After the guided wizard experience you’ll have a complete project scaffolding, where you can directly start the exploration by running npm run watch. When you look at our LWC Recipes OSS sample application you’ll see the different pre-defined scripts and more. It’s a fast start, so give it a try!

Pre-build UI components

Another notable difference between building Lightning web components on the Lightning Platform or on Open Source is the availability of Base Lightning Components. These pre-build components are not available on Open Source.

The simple reason behind this is that LWC represents the core technology to build Lightning Web Components. And Base Lightning Components are Lightning web components that are built using LWC, with some special flavor related to leverage certain specific functionality of running on Lightning Platform. They are not part of the core framework.

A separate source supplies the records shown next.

(* Let $(P_n)_{n\ge0}$ be a sequence with $P_n\in\Lambda_n$ satisfying: $P_0$ is a unit of $\Lambda_0=\mathbf{Z}_p$; $\pi_{1/0}(P_1)=uP_0$ for some $u\in\mathbf{Z}_p^\times$; and $\pi_{n+1/n}(P_{n+1})=a\,P_n-\nu_{n-1/n}(P_{n-1})$ for all $n\ge1$, where $a\in p\mathbf{Z}_p$ is fixed. Then for all $n\ge0$, $P_n\neq 0$, $\mu(P_n)=0$ and $\lambda(P_n)=q_n$, where $q_0=q_1=0$ and for $n\ge2$ $$q_n=\begin{cases}p^{n-1}-p^{n-2}+\cdots+p-1 & n \text{ even},\\ p^{n-1}-p^{n-2}+\cdots+p^2-p & n \text{ odd}.\end{cases}$$
   Context: Let $p$ be an odd prime. For $n\ge0$ let $G_n$ be a cyclic group of order $p^n$ with surjections $G_n\to G_{n-1}$, $\Lambda_n=\mathbf{Z}_p[G_n]$, $\widetilde\Lambda_n=\mathbf{F}_p[G_n]$ and $\widetilde I_n$ the augmentation ideal of $\widetilde\Lambda_n$. For nonzero $f\in\Lambda_n$, $\mu(f)$ is the unique integer with $f\in p^{\mu(f)}\Lambda_n\setminus p^{\mu(f)+1}\Lambda_n$, and $\lambda(f)$ is the unique integer such that the reduction mod $p$ of $p^{-\mu(f)}f$ lies in $\widetilde I_n^{\lambda(f)}\setminus\widetilde I_n^{\lambda(f)+1}$. $\pi_{n/n-1}:\Lambda_n\to\Lambda_{n-1}$ is induced by $G_n\to G_{n-1}$, and $\nu_{n-1/n}:\Lambda_{n-1}\to\Lambda_n$ is the $\mathbf{Z}_p$-linear map with $\nu_{n-1/n}(\sigma)=\sum_{\tau\in G_n,\ \tau\mapsto\sigma}\tau$ for $\sigma\in G_{n-1}$. (In the paper, $P_n=F_n(c_n)$ is the image of Kobayashi's point $c_n$ and $a=a_p$; only the stated properties are used.) *)

From HB Require Import structures.
From mathcomp Require Import boolp.
From mathcomp Require Import all_boot all_order all_algebra.
Set Implicit Arguments. Unset Strict Implicit. Unset Printing Implicit Defensive.
Import Order.TTheory GRing.Theory Num.Theory.
Local Open Scope ring_scope.

(* The p-adic integers Z_p, as the inverse limit of the rings Z/p^k Z:        *)
(* an element is a coherent sequence (x_k)_k of residues x_k \in [0, p^k)     *)
(* with x_k = x_{k+1} mod p^k.  As for 'Z_p in mathcomp, the modulus used is  *)
(* maxn p 2 (so that the construction is a nontrivial ring for every p); for  *)
(* a prime p this is p itself.                                               *)

Definition zpm (p : nat) : nat := maxn p 2.

Definition zp_coh (p : nat) (x : nat -> int) : Prop :=
  forall k, x k = modz (x k.+1) (zpm p ^ k)%:Z.

Record Zpadic (p : nat) := ZpMk { zp_val :> nat -> int ; zp_cohP : zp_coh p zp_val }.
Arguments ZpMk {p}.

HB.instance Definition _ p := gen_eqMixin (Zpadic p).
HB.instance Definition _ p := gen_choiceMixin (Zpadic p).

Section ZpRing.
Variable p : nat.
Local Notation M k := ((zpm p ^ k)%:Z).

Lemma zpm_gt1 : (1 < zpm p)%N.
Proof. by rewrite /zpm leq_max leqnn orbT. Qed.

Lemma M_neq0 k : M k != 0.
Proof. rewrite eqz_nat expn_eq0 negb_and; have := zpm_gt1; by case: (zpm p). Qed.

Lemma modz_modS (x : int) k : modz (modz x (M k.+1)) (M k) = modz x (M k).
Proof.
have E : M k.+1 = (zpm p)%:Z * M k by rewrite expnS PoszM.
by rewrite [in RHS](intdiv.divz_eq x (M k.+1)) E mulrA modzMDl.
Qed.

Lemma zp_ext (x y : Zpadic p) : (forall k, x k = y k) -> x = y.
Proof.
case: x y => [x hx] [y hy] /= e.
have exy : x = y by apply: functional_extensionality_dep.
subst y; congr ZpMk; exact: Prop_irrelevance.
Qed.

Program Definition zp_of (f : nat -> int)
  (hf : forall k, modz (f k.+1) (M k) = modz (f k) (M k)) : Zpadic p :=
  @ZpMk p (fun k => modz (f k) (M k)) _.
Next Obligation. by move=> k; rewrite modz_modS hf. Qed.

Definition zp_zero : Zpadic p := @zp_of (fun _ => 0) (fun _ => erefl).
Definition zp_one : Zpadic p := @zp_of (fun _ => 1) (fun _ => erefl).

Lemma zp_valE (x : Zpadic p) k : x k = modz (x k) (M k).
Proof. by rewrite (zp_cohP x k) modz_mod. Qed.

Lemma zp_valS (x : Zpadic p) k : modz (x k.+1) (M k) = modz (x k) (M k).
Proof. by rewrite -zp_cohP -zp_valE. Qed.

Program Definition zp_add (x y : Zpadic p) : Zpadic p :=
  @zp_of (fun k => x k + y k) _.
Next Obligation. by rewrite -modzDm !zp_valS modzDm. Qed.

Program Definition zp_opp (x : Zpadic p) : Zpadic p := @zp_of (fun k => - x k) _.
Next Obligation. by rewrite -modzNm zp_valS modzNm. Qed.

Program Definition zp_mul (x y : Zpadic p) : Zpadic p :=
  @zp_of (fun k => x k * y k) _.
Next Obligation. by rewrite -modzMm !zp_valS modzMm. Qed.

Lemma zp_addA : associative zp_add.
Proof. by move=> x y z; apply: zp_ext => k /=; rewrite modzDml modzDmr addrA. Qed.
Lemma zp_addC : commutative zp_add.
Proof. by move=> x y; apply: zp_ext => k /=; rewrite addrC. Qed.
Lemma zp_add0 : left_id zp_zero zp_add.
Proof. by move=> x; apply: zp_ext => k /=; rewrite mod0z add0r -zp_valE. Qed.
Lemma zp_addN : left_inverse zp_zero zp_opp zp_add.
Proof. by move=> x; apply: zp_ext => k /=; rewrite modzDml addNr. Qed.

HB.instance Definition _ := GRing.isZmodule.Build (Zpadic p) zp_addA zp_addC zp_add0 zp_addN.

Lemma zp_mulA : associative zp_mul.
Proof. by move=> x y z; apply: zp_ext => k /=; rewrite modzMml modzMmr mulrA. Qed.
Lemma zp_mulC : commutative zp_mul.
Proof. by move=> x y; apply: zp_ext => k /=; rewrite mulrC. Qed.
Lemma zp_mul1 : left_id zp_one zp_mul.
Proof. by move=> x; apply: zp_ext => k /=; rewrite modzMml mul1r -zp_valE. Qed.
Lemma zp_mulDl : left_distributive zp_mul zp_add.
Proof.
by move=> x y z; apply: zp_ext => k /=; rewrite modzMml modzDm mulrDl.
Qed.
Lemma zp_one_neq0 : zp_one != zp_zero.
Proof.
apply/eqP => /(congr1 (fun x : Zpadic p => x 1%N)) /=.
rewrite mod0z expn1 modz_small; first by [].
by rewrite ltz_nat zpm_gt1.
Qed.

HB.instance Definition _ := GRing.Zmodule_isComNzRing.Build (Zpadic p)
  zp_mulA zp_mulC zp_mul1 zp_mulDl zp_one_neq0.

End ZpRing.

(* We fix compatible generators gamma_n of G_n (gamma_n |-> gamma_{n-1}), and *)
(* identify G_n with 'I_(p^n) via gamma_n^i <-> i; the surjection             *)
(* G_n -> G_{n-1} is then i |-> i mod p^(n-1).  An element of a group ring    *)
(* R[G_n] is the finite function g |-> (coefficient of g).                    *)

Definition Lam (p n : nat) := {ffun 'I_(p ^ n) -> Zpadic p}.

Definition lscale (p n : nat) (c : Zpadic p) (f : Lam p n) : Lam p n :=
  [ffun i => c * f i].

Definition lpi (p n : nat) (f : Lam p n.+1) : Lam p n :=
  [ffun j : 'I_(p ^ n) => \sum_(i : 'I_(p ^ n.+1) | (i %% p ^ n)%N == j) f i].

(* nu_{n/n+1} : Lambda_n -> Lambda_{n+1}, Z_p-linear with
   nu(sigma) = sum of the tau in G_{n+1} mapping to sigma; i.e. the coefficient
   of tau in nu(g) is the coefficient in g of the image of tau. *)
Definition lnu (p n : nat) (g : Lam p n) : Lam p n.+1 :=
  [ffun i : 'I_(p ^ n.+1) => \sum_(j : 'I_(p ^ n) | (i %% p ^ n)%N == j) g j].

Definition is_mu (p n : nat) (f : Lam p n) (m : nat) : Prop :=
  (exists g : Lam p n, f = lscale (p%:R ^+ m) g) /\
  ~ (exists g : Lam p n, f = lscale (p%:R ^+ m.+1) g).

Definition tLam (p n : nat) := {ffun 'I_(p ^ n) -> 'F_p}.

(* reduction mod p : Lambda_n -> tilde Lambda_n (coefficientwise, via the
   residue of a p-adic integer modulo p) *)
Definition lred (p n : nat) (f : Lam p n) : tLam p n :=
  [ffun i => ((f i : Zpadic p) 1%N)%:~R].

Definition tmul (p n : nat) (f g : tLam p n) : tLam p n :=
  [ffun i : 'I_(p ^ n) =>
     \sum_(j : 'I_(p ^ n)) \sum_(k : 'I_(p ^ n) | ((j + k) %% p ^ n)%N == i)
        f j * g k].

Definition in_aug (p n : nat) (f : tLam p n) : Prop := \sum_i f i = 0.

Fixpoint in_augpow (p n : nat) (k : nat) (f : tLam p n) : Prop :=
  match k with
  | 0 => True
  | k'.+1 => exists (m : nat) (xs ys : 'I_m -> tLam p n),
      (forall i, in_aug (xs i) /\ in_augpow k' (ys i)) /\
      f = \sum_(i < m) tmul (xs i) (ys i)
  end.

Definition is_lambda (p n : nat) (f : Lam p n) (l : nat) : Prop :=
  exists (m : nat) (g : Lam p n),
    is_mu f m /\ f = lscale (p%:R ^+ m) g /\
    in_augpow l (lred g) /\ ~ in_augpow l.+1 (lred g).

Definition qn (p n : nat) : int :=
  if (n < 2)%N then 0
  else if ~~ odd n then \sum_(0 <= i < n) (-1) ^+ (n.-1 - i) * (p ^ i)%:Z
  else \sum_(1 <= i < n) (-1) ^+ (n.-1 - i) * (p ^ i)%:Z.

From HB Require Import structures.
From mathcomp Require Import boolp.
From mathcomp Require Import all_boot all_order all_algebra.
From mathcomp Require Import zify ring.
Set Implicit Arguments. Unset Strict Implicit. Unset Printing Implicit Defensive.
Import Order.TTheory GRing.Theory Num.Theory.
Local Open Scope ring_scope.

(* The substitution gamma |-> 1 + X identifies F_p[G_n] with F_p[X]/(X^(p^n)),
   because (1 + X)^(p^n) = 1 + X^(p^n) in characteristic p; the augmentation
   ideal becomes (X). So if the reduction mod p of f has nonzero image, then
   mu(f) = 0 and lambda(f) is the X-adic valuation of that image (as long as it
   is below p^n). Under this identification pi_{n+1/n} is reduction modulo
   X^(p^n), and nu_{n/n+1} is multiplication by
   1 + (1 + X^(p^n)) + ... + (1 + X^(p^n))^(p-1) = X^(p^(n+1) - p^n).
   Since p divides a, the recursion becomes
   P_{n+2} = - X^(p^(n+1) - p^n) P_n  modulo (p, X^(p^(n+1))),
   so the valuation grows by p^(n+1) - p^n every two steps, from 0 at n = 0, 1:
   this is the recursion q_{n+2} = q_n + p^(n+1) - p^n. *)

Section TruncatedCongruence.
Variable R : nzRingType.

However, using LWC Open Source in combination with the CSS (framework) of your choice makes it really easy to build your own UI components. We did that here here with the ui modules in LWC Recipes OSS. Depending on your CSS needs you’ll have to make decisions about Shadow DOM, which you can read more about below.

Data access

On the Lightning Platform it is relatively simple to access data — you either use Apex or pre-defined Lightning Data Service methods to access data within your Salesforce org. It is different for LWC Open Source. LWC is a UI framework and doesn’t come with any data connectors. You have to define yourself how you want to access data from whatever API that you want.

For connecting to APIs you can pick and choose what you need — from standard XHR requests to using the Fetch API (like we did here in LWC Recipes OSS) or any of your preferred npm packages that does that for you. This also means that you will have to handle all the things like authentication, authorization etc. on your own, as you would have to do with other UI frameworks.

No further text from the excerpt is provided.